*What you need to do*
Read the data and repeat it in full, exactly.

*Material provided*
________
(* Let $\{(G_n,\Psi_n,\varphi^L_n,\varphi^U_n)\}_{n\ge0}$ be an $\mathcal{F}$-system (with $\varphi^U_n>0$) satisfying Condition $\Gamma$, with induced Cantor system $(X,H_X)$, and assume its associated fence $\mathbf{F}_\Phi$ is a Scissorhand fence. Then there exists a unique continuous surjection $T:\mathbf{F}_\Phi\to\mathbf{F}_\Phi$ having $H_X$ as a factor (i.e. $\pi\circ T=H_X\circ\pi$, where $\pi(x,t)=x$) and satisfying $T(x,\varphi^U(x))=(H_X(x),\varphi^U(H_X(x)))$ for all $x\in X$. Moreover: (1) if $H_X$ is a homeomorphism, then $T$ is a homeomorphism of $\mathbf{F}_\Phi$; (2) if $s$ and $H_X$ are both Lipschitz, then so is $T$; (3) if $s$ and $1/s$ are both Lipschitz and $H_X$ is bi-Lipschitz, then $T$ is bi-Lipschitz; (4) if $s\equiv1$ and $H_X$ is an isometry, then $T$ is an isometry.
   Context: An $\mathcal{F}$-system consists of: finite directed graphs $G_n$ ($n\ge0$), each vertex having at least one outgoing and one incoming edge; surjective maps $\Psi_n:G_{n+1}\to G_n$ sending edges to edges; such that (i) for each $n$ and $v\in G_n$ there are $m>n$ and distinct $v',v''\in G_{m+1}$ with $\Psi_n\circ\cdots\circ\Psi_m(v')=\Psi_n\circ\cdots\circ\Psi_m(v'')=v$; (ii) for every $m$ there is $n>m$ such that for every $g\in G_n$ the set $\{\Psi_m\circ\cdots\circ\Psi_{n-1}(g'):\overrightarrow{gg'}\in G_n\}$ has exactly one element; and maps $\varphi^L_n,\varphi^U_n:G_n\to[0,1]$ with $\varphi^L_n\le\varphi^U_n$, $\varphi^U_{n+1}(v')\le\varphi^U_n(\Psi_n(v'))$, $\varphi^L_{n+1}(v')\ge\varphi^L_n(\Psi_n(v'))$, and such that for every $g\in G_n$ there is $g'\in G_{n+1}$ with $\Psi_n(g')=g$, $\varphi^L_{n+1}(g')=\varphi^L_n(g)$, $\varphi^U_{n+1}(g')=\varphi^U_n(g)$. $X=\{x\in\prod_n G_n: x(n)=\Psi_n(x(n+1))\ \forall n\}$ with metric $d(x,y)=2^{-n}$, $n$ the least index with $x(n)\ne y(n)$; $H_X:X\to X$ is the continuous surjection whose graph is $\{(x,y)\in X^2:\overrightarrow{x(n)y(n)}\in G_n\ \forall n\}$. $\varphi^U(x)=\lim_n\varphi^U_n(x(n))$, $\varphi^L(x)=\lim_n\varphi^L_n(x(n))$, $\Phi=(\varphi^L,\varphi^U)$ and $\mathbf{F}_\Phi=\{(x,t)\in X\times[0,1]:\varphi^L(x)\le t\le\varphi^U(x)\}$, with the maximum metric of $X\times[0,1]$. It is a Scissorhand fence if the graph of $\varphi^U$ is dense in $\mathbf{F}_\Phi$ and $\{x:\varphi^L(x)\ne\varphi^U(x)\}$ is dense in $X$. For $u,v\in G_n$, $s_n(u,v)=\varphi^U_n(v)/\varphi^U_n(u)$; for an edge $\overrightarrow{uv}\in G_n$, $\Gamma_n(\overrightarrow{uv})=\max\{|s_n(v,u)-s_{n+1}(v',u')|,|s_n(u,v)-s_{n+1}(u',v')| : \overrightarrow{u'v'}\in G_{n+1},\Psi_n(u')=u,\Psi_n(v')=v\}$, $\Gamma_n=\max\Gamma_n(\overrightarrow{uv})$; Condition $\Gamma$: $\sum_n\Gamma_n<1$. Finally $s:X\to\mathbb{R}$, $s(x)=\lim_n s_n(x(n),H_X(x)(n))$. *)

From Stdlib Require Import Reals ClassicalEpsilon.
From mathcomp Require Import all_boot.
________
*Output for this exercise*
(* Let $\{(G_n,\Psi_n,\varphi^L_n,\varphi^U_n)\}_{n\ge0}$ be an $\mathcal{F}$-system (with $\varphi^U_n>0$) satisfying Condition $\Gamma$, with induced Cantor system $(X,H_X)$, and assume its associated fence $\mathbf{F}_\Phi$ is a Scissorhand fence. Then there exists a unique continuous surjection $T:\mathbf{F}_\Phi\to\mathbf{F}_\Phi$ having $H_X$ as a factor (i.e. $\pi\circ T=H_X\circ\pi$, where $\pi(x,t)=x$) and satisfying $T(x,\varphi^U(x))=(H_X(x),\varphi^U(H_X(x)))$ for all $x\in X$. Moreover: (1) if $H_X$ is a homeomorphism, then $T$ is a homeomorphism of $\mathbf{F}_\Phi$; (2) if $s$ and $H_X$ are both Lipschitz, then so is $T$; (3) if $s$ and $1/s$ are both Lipschitz and $H_X$ is bi-Lipschitz, then $T$ is bi-Lipschitz; (4) if $s\equiv1$ and $H_X$ is an isometry, then $T$ is an isometry.
   Context: An $\mathcal{F}$-system consists of: finite directed graphs $G_n$ ($n\ge0$), each vertex having at least one outgoing and one incoming edge; surjective maps $\Psi_n:G_{n+1}\to G_n$ sending edges to edges; such that (i) for each $n$ and $v\in G_n$ there are $m>n$ and distinct $v',v''\in G_{m+1}$ with $\Psi_n\circ\cdots\circ\Psi_m(v')=\Psi_n\circ\cdots\circ\Psi_m(v'')=v$; (ii) for every $m$ there is $n>m$ such that for every $g\in G_n$ the set $\{\Psi_m\circ\cdots\circ\Psi_{n-1}(g'):\overrightarrow{gg'}\in G_n\}$ has exactly one element; and maps $\varphi^L_n,\varphi^U_n:G_n\to[0,1]$ with $\varphi^L_n\le\varphi^U_n$, $\varphi^U_{n+1}(v')\le\varphi^U_n(\Psi_n(v'))$, $\varphi^L_{n+1}(v')\ge\varphi^L_n(\Psi_n(v'))$, and such that for every $g\in G_n$ there is $g'\in G_{n+1}$ with $\Psi_n(g')=g$, $\varphi^L_{n+1}(g')=\varphi^L_n(g)$, $\varphi^U_{n+1}(g')=\varphi^U_n(g)$. $X=\{x\in\prod_n G_n: x(n)=\Psi_n(x(n+1))\ \forall n\}$ with metric $d(x,y)=2^{-n}$, $n$ the least index with $x(n)\ne y(n)$; $H_X:X\to X$ is the continuous surjection whose graph is $\{(x,y)\in X^2:\overrightarrow{x(n)y(n)}\in G_n\ \forall n\}$. $\varphi^U(x)=\lim_n\varphi^U_n(x(n))$, $\varphi^L(x)=\lim_n\varphi^L_n(x(n))$, $\Phi=(\varphi^L,\varphi^U)$ and $\mathbf{F}_\Phi=\{(x,t)\in X\times[0,1]:\varphi^L(x)\le t\le\varphi^U(x)\}$, with the maximum metric of $X\times[0,1]$. It is a Scissorhand fence if the graph of $\varphi^U$ is dense in $\mathbf{F}_\Phi$ and $\{x:\varphi^L(x)\ne\varphi^U(x)\}$ is dense in $X$. For $u,v\in G_n$, $s_n(u,v)=\varphi^U_n(v)/\varphi^U_n(u)$; for an edge $\overrightarrow{uv}\in G_n$, $\Gamma_n(\overrightarrow{uv})=\max\{|s_n(v,u)-s_{n+1}(v',u')|,|s_n(u,v)-s_{n+1}(u',v')| : \overrightarrow{u'v'}\in G_{n+1},\Psi_n(u')=u,\Psi_n(v')=v\}$, $\Gamma_n=\max\Gamma_n(\overrightarrow{uv})$; Condition $\Gamma$: $\sum_n\Gamma_n<1$. Finally $s:X\to\mathbb{R}$, $s(x)=\lim_n s_n(x(n),H_X(x)(n))$. *)

From Stdlib Require Import Reals ClassicalEpsilon.
From mathcomp Require Import all_boot.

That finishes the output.